# What you have to do:
Within the data that follows, set down exactly the lines from the one containing "(n - \rank (kermx (g - 1%:M)^T))%N." through the one containing "Definition Pi (u", both ends included.

[Stored entries]
(* Alice sees exactly the variables in S (= P1), Bob those outside S (= P2):
   each bit sent is a function only of the sender's variables. *)
Fixpoint valid (n : nat) (S : {set 'I_n}) (p : proto (input n)) : Prop :=
  match p with
  | PLeaf _ => True
  | PNode alice g l r =>
      depends_only (if alice then (fun i => i \in S) else (fun i => i \notin S)) g
      /\ valid S l /\ valid S r
  end.

From mathcomp Require Import all_boot all_order all_algebra.
From mathcomp Require Import zify.
Set Implicit Arguments. Unset Strict Implicit. Unset Printing Implicit Defensive.
Import Order.TTheory GRing.Theory Num.Theory.

(* Write [f x = (sA x <= sB x)] with [sA] depending only on Alice's variables
   and [sB] only on Bob's, and replace both sides by their ranks among the
   [2 ^ n.+1] values of [sA] and [sB]: it remains to compare two [n.+1]-bit
   numbers, which is decided by the highest bit where they differ, i.e. by the
   least [ks] such that their bits from position [ks] on agree.  The players
   find [ks] by a binary search whose query "do the bits from [k] on agree?"
   is answered by comparing 10 random parities: it never rejects [k >= ks] and
   accepts [k < ks] with probability [2 ^ -10].  The search backtracks along a
   stack of accepted candidates; a potential starting below [3 K], where
   [K = log n + 1], drops at every round that is not misled and grows by at
   most 2 otherwise, so [9 K] rounds fail only if [2 K] of them are misled,
   an event of probability at most ['C(9 K, 2 K) 2 ^ (-18 K) <= 1 / n]. *)

(* All words of length [T] over [B], with multiplicity: counting in this list
   is measuring probability under [T] independent uniform draws from [B]. *)
Fixpoint words (A : Type) (T : nat) (B : seq A) : seq (seq A) :=
  if T is T'.+1 then flatten [seq [seq a :: t | t <- words T' B] | a <- B]
  else [:: [::]].

Lemma count_wordsS A (P : pred (seq A)) T B :
  count P (words T.+1 B) =
  sumn [seq count (fun t => P (a :: t)) (words T B) | a <- B].
Proof.
rewrite /= count_flatten -map_comp; congr sumn; apply: eq_map => a /=.
by rewrite count_map.
Qed.
(* Every equilibrium of system $(\ast\ast)$ in the open cube $(0,1)^3$ (i.e. every point $(x^*,y^*,\tfrac12)\in(0,1)^3$ with $(1+\theta_1)x^*+(1+\theta_2)y^*=2$) is neutrally stable: it is Lyapunov stable but not asymptotically stable.
   Context: Modified Prisoner's Dilemma system. Fix constants $\delta_{PS_1}=P_1-S_1>0$, $\delta_{TR_1}=T_1-R_1>0$, $\delta_{PS_2}=P_2-S_2>0$, $\delta_{TR_2}=T_2-R_2>0$ and $\theta_1,\theta_2>0$. Put $\phi_1(y)=\delta_{PS_1}+(\delta_{TR_1}-\delta_{PS_1})y$ and $\phi_2(x)=\delta_{PS_2}+(\delta_{TR_2}-\delta_{PS_2})x$. System $(\ast\ast)$ on $[0,1]^3$ is $\dot x = x(1-x)\phi_1(y)(1-2r)$, $\dot y = y(1-y)\phi_2(x)(1-2r)$, $\dot r = r(1-r)[(1+\theta_1)x+(1+\theta_2)y-2]$. *)

From Stdlib Require Import Reals Lra.
Open Scope R_scope.

Definition vfield := R -> R -> R -> R * R * R.

Definition phi1 (dPS1 dTR1 y : R) : R := dPS1 + (dTR1 - dPS1) * y.
Definition phi2 (dPS2 dTR2 x : R) : R := dPS2 + (dTR2 - dPS2) * x.

Definition PD_field (dPS1 dTR1 dPS2 dTR2 th1 th2 : R) : vfield :=
  fun x y r =>
    ( x * (1 - x) * phi1 dPS1 dTR1 y * (1 - 2 * r),
      y * (1 - y) * phi2 dPS2 dTR2 x * (1 - 2 * r),
      r * (1 - r) * ((1 + th1) * x + (1 + th2) * y - 2) ).

Definition dist3 (a b : R * R * R) : R :=
  let '(a1, a2, a3) := a in
  let '(b1, b2, b3) := b in
  sqrt ((a1 - b1) ^ 2 + (a2 - b2) ^ 2 + (a3 - b3) ^ 2).

Definition right_cont0 (g : R -> R) : Prop :=
  forall eps, eps > 0 -> exists d, d > 0 /\
    forall t, 0 <= t < d -> Rabs (g t - g 0) < eps.

Definition ode_at (F : vfield) (x y r : R -> R) (t : R) : Prop :=
  derivable_pt_lim x t (fst (fst (F (x t) (y t) (r t)))) /\
  derivable_pt_lim y t (snd (fst (F (x t) (y t) (r t)))) /\
  derivable_pt_lim r t (snd (F (x t) (y t) (r t))).

Definition is_sol_on (F : vfield) (T : R) (x y r : R -> R) : Prop :=
  (forall t, 0 < t < T -> ode_at F x y r t) /\
  right_cont0 x /\ right_cont0 y /\ right_cont0 r.

Definition is_global_sol (F : vfield) (x y r : R -> R) : Prop :=
  (forall t, 0 < t -> ode_at F x y r t) /\
  right_cont0 x /\ right_cont0 y /\ right_cont0 r.
(* Let $w\in G(m,p,n)$ be arbitrary and $u\in[\mathrm{id},w]_{\mathrm{cdf}}$. Then (1) $\operatorname{codim}\operatorname{fix}(u)+\operatorname{codim}\operatorname{fix}(u^{-1}w)=n+c(w)-2|\Pi_u(w)|+\#\{\text{parts of }\Pi_u(w)\text{ of nonzero weight}\}$; and (2) every part of $\Pi_u(w)$ either consists of a single cycle of $w$, or consists of exactly two cycles of $w$ of nonzero weights that sum to $0$ in $\mathbb Z/m\mathbb Z$.
   Context: Let $m,p,n$ be positive integers with $p\mid m$ and $\zeta=e^{2\pi i/m}$. The group $G(m,1,n)$ consists of pairs $w=[u;a]$ with $u\in\mathfrak S_n$ (the underlying permutation) and $a=(a_1,\dots,a_n)\in(\mathbb Z/m\mathbb Z)^n$ (the weights); $[u;a]$ is identified with the $n\times n$ monomial matrix having entry $\zeta^{a_i}$ in position $(u(i),i)$ and zeros elsewhere, the group law is matrix multiplication, and the group acts on $\mathbb C^n$. A cycle of $w$ is a cycle of $u$ (fixed points count as cycles of size $1$); $c(w)$ is the number of cycles of $w$, where the weight of a set $I\subseteq[n]$ (e.g. the underlying set of a cycle) is $\sum_{i\in I}a_i\in\mathbb Z/m\mathbb Z$, and $\mathrm{wt}(w)=\sum_{i=1}^n a_i$. $G(m,p,n)=\{w\in G(m,1,n):\mathrm{wt}(w)\equiv 0\pmod p\}$. $\operatorname{codim}\operatorname{fix}(g)=n-\dim\ker(g-1)$ for the action on $\mathbb C^n$; $x\le_{\mathrm{cdf}} y$ iff $\operatorname{codim}\operatorname{fix}(x)+\operatorname{codim}\operatorname{fix}(x^{-1}y)=\operatorname{codim}\operatorname{fix}(y)$, and $[\mathrm{id},w]_{\mathrm{cdf}}=\{u:u\le_{\mathrm{cdf}}w\}$. For $u,w\in G(m,p,n)$, $\Pi_u(w)$ is the set partition of the cycles of $w$ generated by the relation: cycles $C_1,C_2$ of $w$ are related if some cycle of $u$ intersects both (as subsets of $[n]$), closed under transitivity. The weight of a part is the sum of the weights of its cycles. *)

From HB Require Import structures.
From mathcomp Require Import all_boot all_order all_algebra all_fingroup all_field.
Set Implicit Arguments. Unset Strict Implicit. Unset Printing Implicit Defensive.
Import Order.TTheory GRing.Theory Num.Theory.
Local Open Scope ring_scope.

(* An element [u; a] of G(m,1,n): a permutation u of [n] = 'I_n and weights
   a : 'I_n -> Z/mZ, the latter represented by 'I_m (m > 0). *)
Definition elt (m n : nat) := ({perm 'I_n} * {ffun 'I_n -> 'I_m})%type.

Section Defs.
Variables (m n : nat).

Definition wt_set (w : elt m n) (I : {set 'I_n}) : nat :=
  ((\sum_(i in I) (w.2 i : nat)) %% m)%N.

Definition wt (w : elt m n) : nat := wt_set w [set: 'I_n].

Definition in_Gmpn (p : nat) (w : elt m n) : bool := (wt w %% p == 0)%N.

Definition mat (z : algC) (w : elt m n) : 'M[algC]_n :=
  \matrix_(i, j) (if i == w.1 j then z ^+ (w.2 j : nat) else 0).

(* codim fix(g) = n - dim ker(g - 1), the kernel of g-1 acting on column
   vectors C^n, i.e. the row kernel of (g - 1)^T *)
Definition codim_fix (g : 'M[algC]_n) : nat :=
  (n - \rank (kermx (g - 1%:M)^T))%N.

Definition cdf_le (x y : 'M[algC]_n) : bool :=
  (codim_fix x + codim_fix (invmx x *m y) == codim_fix y)%N.

Definition cycles (w : elt m n) : {set {set 'I_n}} := porbits w.1.

Definition ncycles (w : elt m n) : nat := #|cycles w|.

Definition Pi_rel (u w : elt m n) : rel {set 'I_n} :=
  fun C1 C2 => [&& C1 \in cycles w, C2 \in cycles w &
    [exists D in cycles u, (D :&: C1 != set0) && (D :&: C2 != set0)]].

Definition Pi (u w : elt m n) : {set {set {set 'I_n}}} :=
  equivalence_partition (connect (Pi_rel u w)) (cycles w).

Definition wt_part (w : elt m n) (P : {set {set 'I_n}}) : nat :=
  ((\sum_(C in P) wt_set w C) %% m)%N.

End Defs.

(* Write x := u^-1 w, so that w = u x.  The fixed space of a monomial matrix g
   has one dimension for each cycle of g of weight 0, so codim fix(g) = n - z(g),
   where z(g) counts these cycles and c(g) = z(g) + nz(g).  The genus inequality
   for the permutation pair (u, x) gives c(u) + c(x) + c(w) <= n + 2k, where k is
   the number of orbits of <u, x>; each orbit is a union of parts of Pi_u(w), so
   k <= |Pi_u(w)|.  Weights add along w = u x, so a part of nonzero weight
   contains a cycle of nonzero weight of u or of x, and the number N of such
   parts is at most nz(u) + nz(x).  Together with the hypothesis
   codim fix(u) + codim fix(x) = codim fix(w) this yields
     sum_P f(P) <= 2 |Pi_u(w)|,  f(P) = #{cycles of weight 0 in P} + |P| + [wt P <> 0],
   whereas f(P) >= 2 for every part.  Hence f(P) = 2 for every part, which is
   (2), and the sum is an equality, which is (1). *)

From HB Require Import structures.
From mathcomp Require Import all_boot all_order all_algebra all_fingroup all_field.
From mathcomp Require Import zify.
Set Implicit Arguments. Unset Strict Implicit. Unset Printing Implicit Defensive.
Import Order.TTheory GRing.Theory Num.Theory.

# Reply:
  (n - \rank (kermx (g - 1%:M)^T))%N.

Definition cdf_le (x y : 'M[algC]_n) : bool :=
  (codim_fix x + codim_fix (invmx x *m y) == codim_fix y)%N.

Definition cycles (w : elt m n) : {set {set 'I_n}} := porbits w.1.

Definition ncycles (w : elt m n) : nat := #|cycles w|.

Definition Pi_rel (u w : elt m n) : rel {set 'I_n} :=
  fun C1 C2 => [&& C1 \in cycles w, C2 \in cycles w &
    [exists D in cycles u, (D :&: C1 != set0) && (D :&: C2 != set0)]].

Definition Pi (u w : elt m n) : {set {set {set 'I_n}}} :=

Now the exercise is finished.